_EXERCISE_
Somewhere below is a line with "have : Im lam * (N g1 + N g2) = 0." and, later, a line with "(* Let $(\mathcal"; repeat those two lines and all the lines between them, exactly as they are.

(RECORDS SUPPLIED begins)

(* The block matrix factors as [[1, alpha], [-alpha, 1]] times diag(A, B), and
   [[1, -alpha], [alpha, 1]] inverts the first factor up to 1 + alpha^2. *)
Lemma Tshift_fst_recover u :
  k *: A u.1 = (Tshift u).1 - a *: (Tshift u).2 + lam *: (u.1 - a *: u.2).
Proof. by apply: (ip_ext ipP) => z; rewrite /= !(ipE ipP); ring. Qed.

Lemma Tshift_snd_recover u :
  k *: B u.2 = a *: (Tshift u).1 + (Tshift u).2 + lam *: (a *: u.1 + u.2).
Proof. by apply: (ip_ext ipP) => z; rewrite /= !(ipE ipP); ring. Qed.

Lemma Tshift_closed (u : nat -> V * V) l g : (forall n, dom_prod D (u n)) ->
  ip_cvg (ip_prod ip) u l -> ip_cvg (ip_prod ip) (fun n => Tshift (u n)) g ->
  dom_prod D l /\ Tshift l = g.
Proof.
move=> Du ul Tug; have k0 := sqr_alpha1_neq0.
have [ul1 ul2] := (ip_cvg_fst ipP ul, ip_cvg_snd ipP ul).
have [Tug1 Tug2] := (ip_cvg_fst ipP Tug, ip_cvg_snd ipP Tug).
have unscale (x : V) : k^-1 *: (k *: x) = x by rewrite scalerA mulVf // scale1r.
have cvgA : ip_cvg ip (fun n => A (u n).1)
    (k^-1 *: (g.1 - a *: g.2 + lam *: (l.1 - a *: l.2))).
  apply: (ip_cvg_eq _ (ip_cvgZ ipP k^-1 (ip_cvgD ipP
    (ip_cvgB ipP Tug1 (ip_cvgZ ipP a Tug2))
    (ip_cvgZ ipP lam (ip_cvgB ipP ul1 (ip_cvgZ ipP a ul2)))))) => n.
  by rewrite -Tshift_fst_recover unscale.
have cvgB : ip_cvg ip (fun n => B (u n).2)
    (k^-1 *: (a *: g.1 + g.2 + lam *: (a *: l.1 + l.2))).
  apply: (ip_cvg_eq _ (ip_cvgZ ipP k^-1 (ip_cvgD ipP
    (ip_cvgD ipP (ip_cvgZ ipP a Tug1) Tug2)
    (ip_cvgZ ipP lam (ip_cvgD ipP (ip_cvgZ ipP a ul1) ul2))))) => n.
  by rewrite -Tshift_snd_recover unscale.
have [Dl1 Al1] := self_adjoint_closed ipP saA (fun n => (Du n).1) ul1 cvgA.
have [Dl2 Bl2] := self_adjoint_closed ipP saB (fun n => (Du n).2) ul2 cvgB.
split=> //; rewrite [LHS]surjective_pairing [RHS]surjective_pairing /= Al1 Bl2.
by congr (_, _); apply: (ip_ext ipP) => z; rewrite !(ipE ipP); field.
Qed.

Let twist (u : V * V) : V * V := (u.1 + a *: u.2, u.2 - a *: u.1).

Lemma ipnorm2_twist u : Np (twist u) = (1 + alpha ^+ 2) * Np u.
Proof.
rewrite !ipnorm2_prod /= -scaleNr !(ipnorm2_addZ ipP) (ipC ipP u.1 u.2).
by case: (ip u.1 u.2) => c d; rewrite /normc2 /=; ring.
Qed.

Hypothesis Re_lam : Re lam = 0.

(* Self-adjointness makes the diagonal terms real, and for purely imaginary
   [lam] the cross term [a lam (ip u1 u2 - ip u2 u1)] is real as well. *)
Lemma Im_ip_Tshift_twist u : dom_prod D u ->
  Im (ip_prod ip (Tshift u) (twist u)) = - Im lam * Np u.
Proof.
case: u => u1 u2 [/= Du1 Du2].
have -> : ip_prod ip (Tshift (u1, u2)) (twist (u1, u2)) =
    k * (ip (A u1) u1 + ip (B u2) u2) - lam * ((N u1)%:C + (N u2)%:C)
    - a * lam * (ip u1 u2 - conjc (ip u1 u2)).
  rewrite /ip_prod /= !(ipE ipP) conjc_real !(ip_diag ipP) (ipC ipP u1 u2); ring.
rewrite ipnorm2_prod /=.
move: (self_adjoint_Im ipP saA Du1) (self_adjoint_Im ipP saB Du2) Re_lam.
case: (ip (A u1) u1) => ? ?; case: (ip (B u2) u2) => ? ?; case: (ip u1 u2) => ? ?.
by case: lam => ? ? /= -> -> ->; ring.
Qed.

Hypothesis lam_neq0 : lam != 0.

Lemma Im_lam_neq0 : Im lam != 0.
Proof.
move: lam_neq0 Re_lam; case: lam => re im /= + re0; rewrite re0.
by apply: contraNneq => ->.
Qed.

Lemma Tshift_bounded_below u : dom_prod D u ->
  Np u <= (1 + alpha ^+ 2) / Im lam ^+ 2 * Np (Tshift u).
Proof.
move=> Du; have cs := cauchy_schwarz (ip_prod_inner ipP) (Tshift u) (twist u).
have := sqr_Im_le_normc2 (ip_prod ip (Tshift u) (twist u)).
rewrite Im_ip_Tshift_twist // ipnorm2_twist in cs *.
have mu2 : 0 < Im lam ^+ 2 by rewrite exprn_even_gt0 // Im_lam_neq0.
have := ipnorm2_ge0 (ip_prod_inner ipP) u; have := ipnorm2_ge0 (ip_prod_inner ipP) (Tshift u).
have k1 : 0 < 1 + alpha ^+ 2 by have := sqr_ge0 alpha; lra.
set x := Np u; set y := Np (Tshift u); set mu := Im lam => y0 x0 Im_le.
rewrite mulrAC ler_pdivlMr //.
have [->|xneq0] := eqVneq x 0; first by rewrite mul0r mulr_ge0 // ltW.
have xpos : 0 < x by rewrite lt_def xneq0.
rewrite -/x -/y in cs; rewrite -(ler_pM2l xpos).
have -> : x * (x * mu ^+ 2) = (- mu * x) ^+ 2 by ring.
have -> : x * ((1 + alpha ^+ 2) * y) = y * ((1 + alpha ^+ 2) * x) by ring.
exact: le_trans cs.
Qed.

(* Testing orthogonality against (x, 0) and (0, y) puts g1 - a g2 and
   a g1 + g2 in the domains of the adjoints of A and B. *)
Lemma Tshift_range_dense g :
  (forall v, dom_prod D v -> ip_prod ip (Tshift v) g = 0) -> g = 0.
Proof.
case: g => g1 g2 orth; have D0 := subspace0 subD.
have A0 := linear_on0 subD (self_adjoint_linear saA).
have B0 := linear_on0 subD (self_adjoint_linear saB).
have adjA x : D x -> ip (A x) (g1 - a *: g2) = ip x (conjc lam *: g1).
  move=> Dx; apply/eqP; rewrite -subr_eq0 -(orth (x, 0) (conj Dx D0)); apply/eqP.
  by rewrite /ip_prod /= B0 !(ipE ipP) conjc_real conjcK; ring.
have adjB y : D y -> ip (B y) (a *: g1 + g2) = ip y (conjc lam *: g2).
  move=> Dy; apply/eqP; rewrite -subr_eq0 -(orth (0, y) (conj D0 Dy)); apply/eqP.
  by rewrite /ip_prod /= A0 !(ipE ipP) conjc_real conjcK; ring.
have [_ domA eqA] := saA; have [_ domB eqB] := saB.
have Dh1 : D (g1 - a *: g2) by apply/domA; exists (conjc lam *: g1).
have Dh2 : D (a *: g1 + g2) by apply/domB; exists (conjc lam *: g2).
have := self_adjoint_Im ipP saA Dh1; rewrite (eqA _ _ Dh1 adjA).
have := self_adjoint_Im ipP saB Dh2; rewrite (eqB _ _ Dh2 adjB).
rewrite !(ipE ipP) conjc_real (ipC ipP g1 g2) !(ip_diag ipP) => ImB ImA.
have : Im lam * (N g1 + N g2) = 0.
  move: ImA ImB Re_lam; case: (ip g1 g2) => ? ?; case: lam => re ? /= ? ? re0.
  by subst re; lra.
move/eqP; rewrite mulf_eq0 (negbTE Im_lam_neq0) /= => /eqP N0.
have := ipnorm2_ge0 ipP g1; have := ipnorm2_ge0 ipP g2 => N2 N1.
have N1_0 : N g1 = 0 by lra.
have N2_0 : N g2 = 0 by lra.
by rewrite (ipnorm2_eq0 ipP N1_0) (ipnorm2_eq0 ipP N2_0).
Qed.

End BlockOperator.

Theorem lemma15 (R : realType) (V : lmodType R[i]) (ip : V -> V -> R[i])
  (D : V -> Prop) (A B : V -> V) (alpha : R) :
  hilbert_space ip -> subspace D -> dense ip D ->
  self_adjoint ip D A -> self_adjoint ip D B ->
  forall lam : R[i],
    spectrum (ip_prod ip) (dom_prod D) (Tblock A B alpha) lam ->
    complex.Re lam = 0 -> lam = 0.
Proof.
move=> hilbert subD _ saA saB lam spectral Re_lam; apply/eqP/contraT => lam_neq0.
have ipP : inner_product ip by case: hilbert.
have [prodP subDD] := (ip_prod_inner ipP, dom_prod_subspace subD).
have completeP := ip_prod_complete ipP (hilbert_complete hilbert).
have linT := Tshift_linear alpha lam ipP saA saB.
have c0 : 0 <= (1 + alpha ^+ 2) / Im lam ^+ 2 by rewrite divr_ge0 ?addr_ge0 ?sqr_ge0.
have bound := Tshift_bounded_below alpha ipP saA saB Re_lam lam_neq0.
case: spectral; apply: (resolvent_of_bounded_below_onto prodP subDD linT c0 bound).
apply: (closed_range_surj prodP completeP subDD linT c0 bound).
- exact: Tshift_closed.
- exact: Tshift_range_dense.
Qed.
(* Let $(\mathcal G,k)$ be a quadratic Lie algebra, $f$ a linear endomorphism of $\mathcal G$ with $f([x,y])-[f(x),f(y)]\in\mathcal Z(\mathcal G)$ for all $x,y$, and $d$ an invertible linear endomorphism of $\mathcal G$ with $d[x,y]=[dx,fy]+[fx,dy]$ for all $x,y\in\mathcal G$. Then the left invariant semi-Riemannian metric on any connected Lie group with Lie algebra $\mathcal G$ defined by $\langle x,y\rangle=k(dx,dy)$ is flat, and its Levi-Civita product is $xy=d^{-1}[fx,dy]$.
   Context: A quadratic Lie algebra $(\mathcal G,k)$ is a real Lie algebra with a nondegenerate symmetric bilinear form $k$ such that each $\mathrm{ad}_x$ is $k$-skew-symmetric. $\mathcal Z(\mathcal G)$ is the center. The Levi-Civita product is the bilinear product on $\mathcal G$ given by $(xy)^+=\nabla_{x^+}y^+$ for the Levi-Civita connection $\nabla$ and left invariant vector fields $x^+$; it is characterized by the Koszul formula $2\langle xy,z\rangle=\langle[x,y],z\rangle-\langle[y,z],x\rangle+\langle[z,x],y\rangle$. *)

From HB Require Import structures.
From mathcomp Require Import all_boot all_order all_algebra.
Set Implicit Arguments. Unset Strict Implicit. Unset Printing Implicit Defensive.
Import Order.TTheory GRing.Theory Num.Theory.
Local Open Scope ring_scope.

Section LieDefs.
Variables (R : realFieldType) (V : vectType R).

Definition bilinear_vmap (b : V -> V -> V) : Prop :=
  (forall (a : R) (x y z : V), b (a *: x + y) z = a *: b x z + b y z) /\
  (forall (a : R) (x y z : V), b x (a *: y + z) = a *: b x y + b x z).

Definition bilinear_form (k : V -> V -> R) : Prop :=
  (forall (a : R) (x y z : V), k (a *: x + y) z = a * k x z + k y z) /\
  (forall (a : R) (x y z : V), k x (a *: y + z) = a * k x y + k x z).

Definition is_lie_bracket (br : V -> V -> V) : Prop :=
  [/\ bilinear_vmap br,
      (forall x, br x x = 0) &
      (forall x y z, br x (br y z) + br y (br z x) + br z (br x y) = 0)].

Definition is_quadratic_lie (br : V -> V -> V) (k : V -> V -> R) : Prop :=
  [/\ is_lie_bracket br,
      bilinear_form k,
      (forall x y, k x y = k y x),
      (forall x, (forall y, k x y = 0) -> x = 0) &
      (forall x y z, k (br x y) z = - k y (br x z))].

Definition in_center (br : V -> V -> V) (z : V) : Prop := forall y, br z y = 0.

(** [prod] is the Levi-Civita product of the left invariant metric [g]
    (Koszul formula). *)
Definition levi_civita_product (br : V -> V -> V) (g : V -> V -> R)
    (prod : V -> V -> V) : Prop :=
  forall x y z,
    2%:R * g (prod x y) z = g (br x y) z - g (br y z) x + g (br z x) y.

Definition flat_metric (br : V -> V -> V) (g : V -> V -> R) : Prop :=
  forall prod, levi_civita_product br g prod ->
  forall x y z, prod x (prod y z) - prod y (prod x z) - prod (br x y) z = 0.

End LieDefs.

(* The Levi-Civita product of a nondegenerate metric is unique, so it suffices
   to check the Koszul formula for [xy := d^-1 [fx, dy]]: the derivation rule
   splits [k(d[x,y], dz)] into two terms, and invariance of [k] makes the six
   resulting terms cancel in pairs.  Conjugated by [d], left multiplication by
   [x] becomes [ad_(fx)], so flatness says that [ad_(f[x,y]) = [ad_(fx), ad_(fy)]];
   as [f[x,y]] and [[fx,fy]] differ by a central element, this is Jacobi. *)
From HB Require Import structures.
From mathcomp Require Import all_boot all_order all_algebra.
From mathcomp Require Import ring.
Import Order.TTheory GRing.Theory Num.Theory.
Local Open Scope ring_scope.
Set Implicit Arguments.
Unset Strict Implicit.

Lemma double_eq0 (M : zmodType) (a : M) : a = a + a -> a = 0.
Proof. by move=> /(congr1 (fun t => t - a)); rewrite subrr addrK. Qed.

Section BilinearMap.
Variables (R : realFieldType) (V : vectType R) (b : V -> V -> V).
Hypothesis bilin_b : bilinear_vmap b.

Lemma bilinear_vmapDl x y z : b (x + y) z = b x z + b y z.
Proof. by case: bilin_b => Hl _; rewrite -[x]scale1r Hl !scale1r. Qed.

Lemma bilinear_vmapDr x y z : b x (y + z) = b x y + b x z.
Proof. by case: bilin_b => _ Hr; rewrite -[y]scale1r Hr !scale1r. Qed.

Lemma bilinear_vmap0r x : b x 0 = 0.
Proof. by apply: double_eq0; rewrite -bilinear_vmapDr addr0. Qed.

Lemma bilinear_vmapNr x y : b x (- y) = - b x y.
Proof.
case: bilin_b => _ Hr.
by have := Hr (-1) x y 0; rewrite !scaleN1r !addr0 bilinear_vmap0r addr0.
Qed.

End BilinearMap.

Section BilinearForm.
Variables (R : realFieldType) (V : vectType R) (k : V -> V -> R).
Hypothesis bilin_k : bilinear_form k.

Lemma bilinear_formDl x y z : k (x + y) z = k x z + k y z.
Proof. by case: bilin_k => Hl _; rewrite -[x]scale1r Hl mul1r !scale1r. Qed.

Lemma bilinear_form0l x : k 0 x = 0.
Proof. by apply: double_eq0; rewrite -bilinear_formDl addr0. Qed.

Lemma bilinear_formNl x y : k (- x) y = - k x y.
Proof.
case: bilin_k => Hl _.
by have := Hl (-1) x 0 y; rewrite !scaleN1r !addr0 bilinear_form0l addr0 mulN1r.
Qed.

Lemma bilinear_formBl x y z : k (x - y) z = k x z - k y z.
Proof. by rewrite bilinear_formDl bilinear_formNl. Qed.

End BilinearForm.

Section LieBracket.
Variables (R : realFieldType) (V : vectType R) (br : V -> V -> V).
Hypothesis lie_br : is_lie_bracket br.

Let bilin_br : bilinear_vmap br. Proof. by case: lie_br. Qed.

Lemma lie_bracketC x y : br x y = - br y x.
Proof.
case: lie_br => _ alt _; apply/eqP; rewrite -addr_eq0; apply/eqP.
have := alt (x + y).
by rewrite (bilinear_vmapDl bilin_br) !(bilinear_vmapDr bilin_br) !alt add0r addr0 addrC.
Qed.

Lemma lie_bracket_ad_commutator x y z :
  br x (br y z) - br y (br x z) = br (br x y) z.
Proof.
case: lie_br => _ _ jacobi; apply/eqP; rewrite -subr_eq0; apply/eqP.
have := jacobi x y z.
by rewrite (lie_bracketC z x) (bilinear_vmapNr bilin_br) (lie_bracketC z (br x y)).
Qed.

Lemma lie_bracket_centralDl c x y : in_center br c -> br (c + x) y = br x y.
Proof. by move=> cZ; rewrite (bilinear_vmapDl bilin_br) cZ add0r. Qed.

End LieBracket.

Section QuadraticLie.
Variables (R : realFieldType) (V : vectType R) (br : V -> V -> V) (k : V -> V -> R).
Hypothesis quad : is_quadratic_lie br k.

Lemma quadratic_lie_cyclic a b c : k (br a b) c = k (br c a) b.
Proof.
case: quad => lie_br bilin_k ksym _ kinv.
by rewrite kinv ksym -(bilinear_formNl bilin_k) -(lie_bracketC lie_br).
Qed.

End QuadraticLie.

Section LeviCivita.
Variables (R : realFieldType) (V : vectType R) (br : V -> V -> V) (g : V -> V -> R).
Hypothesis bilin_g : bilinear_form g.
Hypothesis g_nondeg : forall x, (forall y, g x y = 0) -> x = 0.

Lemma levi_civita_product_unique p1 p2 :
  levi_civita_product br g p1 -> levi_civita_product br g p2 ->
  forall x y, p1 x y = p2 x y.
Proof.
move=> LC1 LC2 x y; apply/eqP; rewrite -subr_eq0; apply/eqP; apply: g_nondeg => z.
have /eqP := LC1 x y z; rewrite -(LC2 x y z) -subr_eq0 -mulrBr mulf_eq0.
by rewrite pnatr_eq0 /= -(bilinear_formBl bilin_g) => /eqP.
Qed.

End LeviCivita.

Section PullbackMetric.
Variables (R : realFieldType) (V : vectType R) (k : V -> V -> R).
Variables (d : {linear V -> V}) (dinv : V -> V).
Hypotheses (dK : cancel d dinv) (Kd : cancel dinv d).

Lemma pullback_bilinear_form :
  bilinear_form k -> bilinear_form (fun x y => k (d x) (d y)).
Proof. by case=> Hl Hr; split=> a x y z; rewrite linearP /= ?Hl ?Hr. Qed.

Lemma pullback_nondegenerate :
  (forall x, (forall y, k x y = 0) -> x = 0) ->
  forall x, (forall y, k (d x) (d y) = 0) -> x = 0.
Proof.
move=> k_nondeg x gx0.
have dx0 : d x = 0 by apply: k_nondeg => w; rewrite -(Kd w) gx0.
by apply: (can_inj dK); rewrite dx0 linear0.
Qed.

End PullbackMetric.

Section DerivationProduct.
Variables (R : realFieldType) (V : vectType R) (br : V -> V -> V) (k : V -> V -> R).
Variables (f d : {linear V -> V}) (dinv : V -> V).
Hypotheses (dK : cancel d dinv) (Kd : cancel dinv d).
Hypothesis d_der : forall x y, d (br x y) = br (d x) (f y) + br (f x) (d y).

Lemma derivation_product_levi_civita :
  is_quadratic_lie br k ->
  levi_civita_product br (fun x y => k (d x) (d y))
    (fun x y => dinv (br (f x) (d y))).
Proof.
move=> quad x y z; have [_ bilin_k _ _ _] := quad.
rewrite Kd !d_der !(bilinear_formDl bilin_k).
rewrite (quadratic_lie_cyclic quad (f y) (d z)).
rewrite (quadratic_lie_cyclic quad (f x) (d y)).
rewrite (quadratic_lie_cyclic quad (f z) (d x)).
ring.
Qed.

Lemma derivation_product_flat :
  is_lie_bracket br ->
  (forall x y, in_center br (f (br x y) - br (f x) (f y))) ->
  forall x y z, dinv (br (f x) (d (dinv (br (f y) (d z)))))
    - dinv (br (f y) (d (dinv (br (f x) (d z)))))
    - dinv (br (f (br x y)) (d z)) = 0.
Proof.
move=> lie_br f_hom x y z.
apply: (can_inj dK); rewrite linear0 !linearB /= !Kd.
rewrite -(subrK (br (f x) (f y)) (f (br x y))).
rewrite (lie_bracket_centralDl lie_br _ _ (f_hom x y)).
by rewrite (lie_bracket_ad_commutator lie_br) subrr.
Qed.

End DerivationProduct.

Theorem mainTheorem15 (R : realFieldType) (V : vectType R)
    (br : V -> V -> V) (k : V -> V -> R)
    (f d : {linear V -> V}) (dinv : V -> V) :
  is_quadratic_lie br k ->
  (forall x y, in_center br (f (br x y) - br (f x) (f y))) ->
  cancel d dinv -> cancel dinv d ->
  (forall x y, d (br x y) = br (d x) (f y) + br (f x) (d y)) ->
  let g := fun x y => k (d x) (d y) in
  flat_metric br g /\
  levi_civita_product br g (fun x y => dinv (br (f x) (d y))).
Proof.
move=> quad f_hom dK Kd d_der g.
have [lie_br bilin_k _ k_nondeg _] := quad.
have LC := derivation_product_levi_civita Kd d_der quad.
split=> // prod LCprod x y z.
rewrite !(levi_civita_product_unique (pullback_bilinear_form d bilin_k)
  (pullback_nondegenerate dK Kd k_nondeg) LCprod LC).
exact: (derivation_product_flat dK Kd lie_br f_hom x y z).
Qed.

(RECORDS SUPPLIED ends)

_WRITTEN ANSWER_
have : Im lam * (N g1 + N g2) = 0.
  move: ImA ImB Re_lam; case: (ip g1 g2) => ? ?; case: lam => re ? /= ? ? re0.
  by subst re; lra.
move/eqP; rewrite mulf_eq0 (negbTE Im_lam_neq0) /= => /eqP N0.
have := ipnorm2_ge0 ipP g1; have := ipnorm2_ge0 ipP g2 => N2 N1.
have N1_0 : N g1 = 0 by lra.
have N2_0 : N g2 = 0 by lra.
by rewrite (ipnorm2_eq0 ipP N1_0) (ipnorm2_eq0 ipP N2_0).
Qed.

End BlockOperator.

Theorem lemma15 (R : realType) (V : lmodType R[i]) (ip : V -> V -> R[i])
  (D : V -> Prop) (A B : V -> V) (alpha : R) :
  hilbert_space ip -> subspace D -> dense ip D ->
  self_adjoint ip D A -> self_adjoint ip D B ->
  forall lam : R[i],
    spectrum (ip_prod ip) (dom_prod D) (Tblock A B alpha) lam ->
    complex.Re lam = 0 -> lam = 0.
Proof.
move=> hilbert subD _ saA saB lam spectral Re_lam; apply/eqP/contraT => lam_neq0.
have ipP : inner_product ip by case: hilbert.
have [prodP subDD] := (ip_prod_inner ipP, dom_prod_subspace subD).
have completeP := ip_prod_complete ipP (hilbert_complete hilbert).
have linT := Tshift_linear alpha lam ipP saA saB.
have c0 : 0 <= (1 + alpha ^+ 2) / Im lam ^+ 2 by rewrite divr_ge0 ?addr_ge0 ?sqr_ge0.
have bound := Tshift_bounded_below alpha ipP saA saB Re_lam lam_neq0.
case: spectral; apply: (resolvent_of_bounded_below_onto prodP subDD linT c0 bound).
apply: (closed_range_surj prodP completeP subDD linT c0 bound).
- exact: Tshift_closed.
- exact: Tshift_range_dense.
Qed.
(* Let $(\mathcal G,k)$ be a quadratic Lie algebra, $f$ a linear endomorphism of $\mathcal G$ with $f([x,y])-[f(x),f(y)]\in\mathcal Z(\mathcal G)$ for all $x,y$, and $d$ an invertible linear endomorphism of $\mathcal G$ with $d[x,y]=[dx,fy]+[fx,dy]$ for all $x,y\in\mathcal G$. Then the left invariant semi-Riemannian metric on any connected Lie group with Lie algebra $\mathcal G$ defined by $\langle x,y\rangle=k(dx,dy)$ is flat, and its Levi-Civita product is $xy=d^{-1}[fx,dy]$.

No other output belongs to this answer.